Posner said personal data is a commodity. To make it simple: people sell themselves like products, and if they hide certain features (i.e., do not disclose personal information), they put themselves in a better light. Posner concludes that privacy outright condemns the fact that legislation provides a right for an individual to withhold information about himself because it distorts or misleads the market. For example, if a candidate discloses a false profile in a job interview, the prospective employer may not be hiring the best employee for that job. At the same time, Posner acknowledges the right to self-protection so that others cannot explore the characteristics of a persons’ undisclosed privacy.

The “commodity” aspect also reveals the differences between the US and European approaches to personality, personal reputation, and personal data protection. For example, the European concept of “the right to be forgotten” is bizarre in US legal thinking, which prefers transparency and the free flow of information under the First Amendment. Therefore, the USA does not recognize this right “of having an imperfect past” even if this was declared by the Court of Justice of the European Union back in 2014. The US courts declared that the right to be forgotten is impermissible under the First Amendment.

Did you know that a U.S. citizen is willing to pay $29 to protect their personal information and pay just 50 cents more for a product offered by a merchant who has taken steps to protect the buyers’ personal information?[1] This is called the privacy paradox, which implies that data subjects (users) expect to protect their personal data but do not want to provide (material) assets for this. The other side of this coin is the platform’s side. Facebook CEO, Mark Zuckerberg expressed in 2010 that “Privacy is no longer the social norm”. This could mean for us that users no longer care about their privacy. This is true, especially if users tend to provide their (sensitive) data even for considerably smaller benefits.

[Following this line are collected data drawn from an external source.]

Lemma step3_eq_c p q x : p <= q -> (step3 p q x == c) = (q <= x).
Proof.
move=> pq; rewrite ffunE; case: ifP => xp; last case: ifP => xq.
- by rewrite leqNgt (leq_trans xp pq); apply/negbTE/eqP => /(congr1 val) /=; lia.
- by rewrite leqNgt xq; apply/negbTE/eqP => /(congr1 val) /=; lia.
- by rewrite eqxx leqNgt xq.
Qed.

Lemma step3_inj p q p' q' : p <= q <= c -> p' <= q' <= c ->
  step3 p q = step3 p' q' -> p = p' /\ q = q'.
Proof.
move=> /andP[pq qc] /andP[pq' qc'] E; have cn := ltn_ord c.
split; apply: (@ord_cut_inj n); try lia.
  by move=> x; rewrite -(step3_eq_a p q) -(step3_eq_a p' q') E.
by move=> x; rewrite !ltnNge -(step3_eq_c _ pq) -(step3_eq_c _ pq') E.
Qed.

Lemma card_IT_pred (Q : pred (endo n)) :
  #|[set f in IT a b c | Q f]| =
  #|[set pq : 'I_n * 'I_n | [&& a < pq.1, pq.1 <= pq.2 <= c & Q (step3 pq.1 pq.2)]]|.
Proof.
rewrite -(@card_in_imset _ _ (fun pq : 'I_n * 'I_n => step3 pq.1 pq.2)); last first.
  move=> [p q] [p' q'] /[!inE] /= /and3P[_ pqc _] /and3P[_ pqc' _] E.
  by have [/val_inj-> /val_inj->] := step3_inj pqc pqc' E.
apply: eq_card => f; rewrite inE; apply/andP/imsetP => [[fIT Qf] | [s]].
  have [p [q [ap pq qc fE]]] := IT_step3 fIT; have cn := ltn_ord c.
  exists (Ordinal (leq_ltn_trans (leq_trans pq qc) cn), Ordinal (leq_ltn_trans qc cn)) => //.
  by rewrite inE /= ap pq qc -fE.
by rewrite inE => /and3P[ap /andP[pq qc] Qs] ->; split=> //; apply: step3_IT.
Qed.

Lemma step3_eq_b p q : (step3 p q b == b) = (p <= b < q).
Proof.
rewrite ffunE; case: ltnP => bp /=; first by rewrite neq_ab.
by case: ltnP => bq; rewrite ?eqxx ?neq_cb.
Qed.

Lemma card_RI : #|RI a b c| = (b - a) * (c - b).
Proof.
have -> : RI a b c = [set f in IT a b c | f b == b] by apply/setP => f; rewrite in_RI inE.
rewrite card_IT_pred (_ : [set pq | _] =
  setX [set p : 'I_n | a < p <= b] [set q : 'I_n | b < q <= c]); last first.
  by apply/setP => -[p q]; rewrite !inE /= step3_eq_b; lia.
by rewrite cardsX !card_ord_between.
Qed.

Lemma in_ITdRI (f : endo n) : (f \in IT a b c :\: RI a b c) = (f \in IT a b c) && (f b != b).
Proof. by rewrite in_setD in_RI; case: (f \in _); rewrite /= ?andbT. Qed.

Lemma card_ITdRI : 2 * #|IT a b c :\: RI a b c| = (c - b) ^ 2 + (b - a) ^ 2 + c - a.
Proof.
have -> : IT a b c :\: RI a b c = [set f in IT a b c | f b != b].
  by apply/setP => f; rewrite in_ITdRI inE.
rewrite card_IT_pred (_ : [set pq | _] =
  [set pq : 'I_n * 'I_n | (a < pq.1) && (pq.1 <= pq.2 <= b)] :|:
  [set pq : 'I_n * 'I_n | (b < pq.1) && (pq.1 <= pq.2 <= c)]); last first.
  by apply/setP => -[p q]; rewrite !inE /= step3_eq_b; lia.
rewrite cardsU (_ : _ :&: _ = set0) ?cards0 ?subn0; last first.
  by apply/setP => -[p q]; rewrite !inE /=; lia.
by rewrite mulnDr !card_pairs_le //; nia.
Qed.

Lemma in_IdSTR (f : endo n) : (f \in IdSTR a c) = (f \in IT a b c) && [forall x, f x != b].
Proof.
rewrite inE; apply/existsP/andP => [[k /andP[/andP[ak kc] /eqP->]] | [fIT /forallP fb]].
  have -> : step a c k = step3 k k by apply/ffunP => x; rewrite !ffunE; case: ifP.
  split; first exact: step3_IT.
  apply/forallP => x; rewrite ffunE; case: ltnP => xk; first by rewrite neq_ab.
  by rewrite neq_cb.
have [p [q [ap pq qc fE]]] := IT_step3 fIT; have cn := ltn_ord c.
have qp : q <= p.
  rewrite leqNgt; apply/negP => pq'.
  move: (fb (Ordinal (leq_ltn_trans (leq_trans pq qc) cn))).
  by rewrite fE ffunE /= ltnn pq' eqxx.
exists (Ordinal (leqW (leq_ltn_trans (leq_trans pq qc) cn))); rewrite /= ap (leq_trans pq qc).
by rewrite fE; apply/eqP/ffunP => x; rewrite !ffunE; case: ifP => // xp; rewrite ifN //; lia.
Qed.
(* There is an admissible set $T' \subseteq \{0,1,2\}^{1562}$ such that $|T'| = 142 \cdot 37 \cdot \binom{11}{7}^{141}$ and every $t \in T'$ has weight $990$.
   Context: A set $S\subseteq\{0,1,2\}^m$ is admissible if (1) for all distinct $s,s'\in S$ there are coordinates $i,j$ with $s_i=0\neq s'_i$ and $s_j\neq 0=s'_j$; and (2) for all distinct $s,s',s''\in S$ there is a coordinate $k$ such that the multiset $\{s_k,s'_k,s''_k\}$ equals $\{0,1,2\}$, $\{0,0,1\}$ or $\{0,0,2\}$. The weight of a vector is its number of nonzero coordinates. *)

From mathcomp Require Import all_boot.
Set Implicit Arguments. Unset Strict Implicit. Unset Printing Implicit Defensive.

Definition vec (m : nat) := {ffun 'I_m -> 'I_3}.

Definition z0 : 'I_3 := @Ordinal 3 0 isT.
Definition z1 : 'I_3 := @Ordinal 3 1 isT.
Definition z2 : 'I_3 := @Ordinal 3 2 isT.

Definition weight (m : nat) (s : vec m) : nat := #|[set i | s i != z0]|.

Definition cond1 (m : nat) (s s' : vec m) : Prop :=
  (exists i, s i = z0 /\ s' i <> z0) /\ (exists j, s j <> z0 /\ s' j = z0).

Definition good_triple (a b c : 'I_3) : Prop :=
  perm_eq [:: a; b; c] [:: z0; z1; z2] \/
  perm_eq [:: a; b; c] [:: z0; z0; z1] \/
  perm_eq [:: a; b; c] [:: z0; z0; z2].

Definition admissible (m : nat) (S : {set vec m}) : Prop :=
  (forall s s', s \in S -> s' \in S -> s <> s' -> cond1 s s') /\
  (forall s s' s'', s \in S -> s' \in S -> s'' \in S ->
     s <> s' -> s <> s'' -> s' <> s'' ->
     exists k, good_triple (s k) (s' k) (s'' k)).

(* Cut the 1562 = 142 * 11 coordinates into 142 blocks of 11 and take three
   sets of vectors in {0,1,2}^11: an admissible set A of C(11,7) vectors of
   weight 7, the set A' obtained from A by swapping the symbols 1 and 2, and an
   admissible set B of 37 vectors of weight 3.  T' is the set of concatenations
   with a vector of B in some block p, vectors of A before p and vectors of A'
   after p; there are 142 * 37 * C(11,7)^141 of them, all of weight
   141 * 7 + 3.  Two members with the same pivot p differ in a block where both
   come from the same admissible set; otherwise the B-block of one faces an A-
   or A'-block of the other.  For three members with pivots p1 <= p2 <= p3,
   block p2 holds a triple in A' x B x A when the pivots are distinct and in
   B x B x (A u A') when two of them coincide.  So it suffices that every
   b in B vanishes somewhere a given a in A u A' does not, and that all these
   mixed triples are good, which is checked by computation. *)

From mathcomp Require Import all_boot ssralg zmodp.
Set Implicit Arguments. Unset Strict Implicit. Unset Printing Implicit Defensive.
Import GRing.Theory.

Definition zero_in (m : nat) (s s' : vec m) : Prop := exists k, s k = z0 /\ s' k <> z0.

Definition good_at (m : nat) (s s' s'' : vec m) : Prop :=
  exists k, good_triple (s k) (s' k) (s'' k).

(* Written as a match on the values so that it runs fast under vm_compute. *)
Definition good_tripleb (a b c : 'I_3) : bool :=
  match nat_of_ord a, nat_of_ord b, nat_of_ord c with
  | 0, 0, 0 => false
  | 0, 0, _ | 0, _, 0 | _, 0, 0 => true
  | 0, 1, 2 | 0, 2, 1 | 1, 0, 2 | 1, 2, 0 | 2, 0, 1 | 2, 1, 0 => true
  | _, _, _ => false
  end.

Lemma good_tripleP a b c : reflect (good_triple a b c) (good_tripleb a b c).
Proof.
rewrite /good_triple.
by case: a b c => [[|[|[|//]]] ?] [[|[|[|//]]] ?] [[|[|[|//]]] ?];
  apply: (iffP idP) => //=; intuition.
Qed.

Lemma good_triple_perm a b c a' b' c' :
  perm_eq [:: a; b; c] [:: a'; b'; c'] -> good_triple a b c -> good_triple a' b' c'.
Proof. by move=> /permPl eq_abc; rewrite /good_triple !eq_abc. Qed.

Lemma good_triple_z0z0 x : x != z0 -> good_triple z0 z0 x.
Proof. by move=> nz_x; apply/good_tripleP; case: x nz_x => [[|[|[|//]]] ?]. Qed.

Lemma good_triple_opp a b c : good_triple a b c -> good_triple (- a)%R (- b)%R (- c)%R.
Proof.
move/good_tripleP => abc; apply/good_tripleP; move: abc.
by case: a b c => [[|[|[|//]]] ?] [[|[|[|//]]] ?] [[|[|[|//]]] ?].
Qed.

Lemma z0E : z0 = 0%R. Proof. exact: val_inj. Qed.

Section Vectors.
Variable m : nat.
Implicit Types s : vec m.

Lemma opp_vec_eq_z0 s k : ((- s)%R k == z0) = (s k == z0).
Proof. by rewrite ffunE z0E oppr_eq0. Qed.

Lemma cond1_zero_in s s' : cond1 s s' <-> zero_in s s' /\ zero_in s' s.
Proof.
by split=> -[zs [k [nz z]]]; split=> //; exists k.
Qed.

Lemma zero_in_neq s s' : zero_in s s' -> s <> s'.
Proof. by case=> k [z nz] eq_s; apply: nz; rewrite -eq_s. Qed.

Lemma zero_in_oppr s s' : zero_in s s' -> zero_in s (- s')%R.
Proof.
by case=> k [z /eqP nz]; exists k; split=> //; apply/eqP; rewrite opp_vec_eq_z0.
Qed.

Lemma zero_in_opp s s' : zero_in s s' -> zero_in (- s)%R (- s')%R.
Proof.
case=> k [/eqP z /eqP nz]; exists k.
by split; apply/eqP; rewrite opp_vec_eq_z0.
Qed.

Lemma zero_in_good_at s s' : zero_in s s' -> good_at s s s'.
Proof. by case=> k [z /eqP nz]; exists k; rewrite z; apply: good_triple_z0z0. Qed.

Lemma good_at_swap12 s s' s'' : good_at s s' s'' -> good_at s' s s''.
Proof.
by case=> k abc; exists k; apply: good_triple_perm abc; rewrite (perm_catCA [:: _] [:: _]).
Qed.

Lemma good_at_swap23 s s' s'' : good_at s s' s'' -> good_at s s'' s'.
Proof.
by case=> k abc; exists k; apply: good_triple_perm abc; rewrite perm_cons (perm_catC [:: _]).
Qed.

Lemma good_at_opp s s' s'' : good_at s s' s'' -> good_at (- s)%R (- s')%R (- s'')%R.
Proof. by case=> k abc; exists k; rewrite !ffunE; apply: good_triple_opp. Qed.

An excellent example is the club card system of multinational companies. They usually ask consumers to provide their e-mail address or telephone number, sign up for newsletters, and immediately get a discount, a coupon, personal ads, and further benefits. Gamification is a smart tool for motivating customers and building trust and loyalty. At the same time, companies may increase customer engagement via positive reinforcement of providing rewards to loyal customers. When this happens via the “connect your social media account” button, the customer shares much more personal information than by providing an email address. Giving access to the social media profile enables companies to get to know (pretty well) their consumers and target them with personal–direct ads. Profiling through automated decision-making and AI raises data protection concerns. This level of surveillance capitalism raises legal concerns starting with the question: do we consider personal data as subject to rights that protect it, or treat them as commodities?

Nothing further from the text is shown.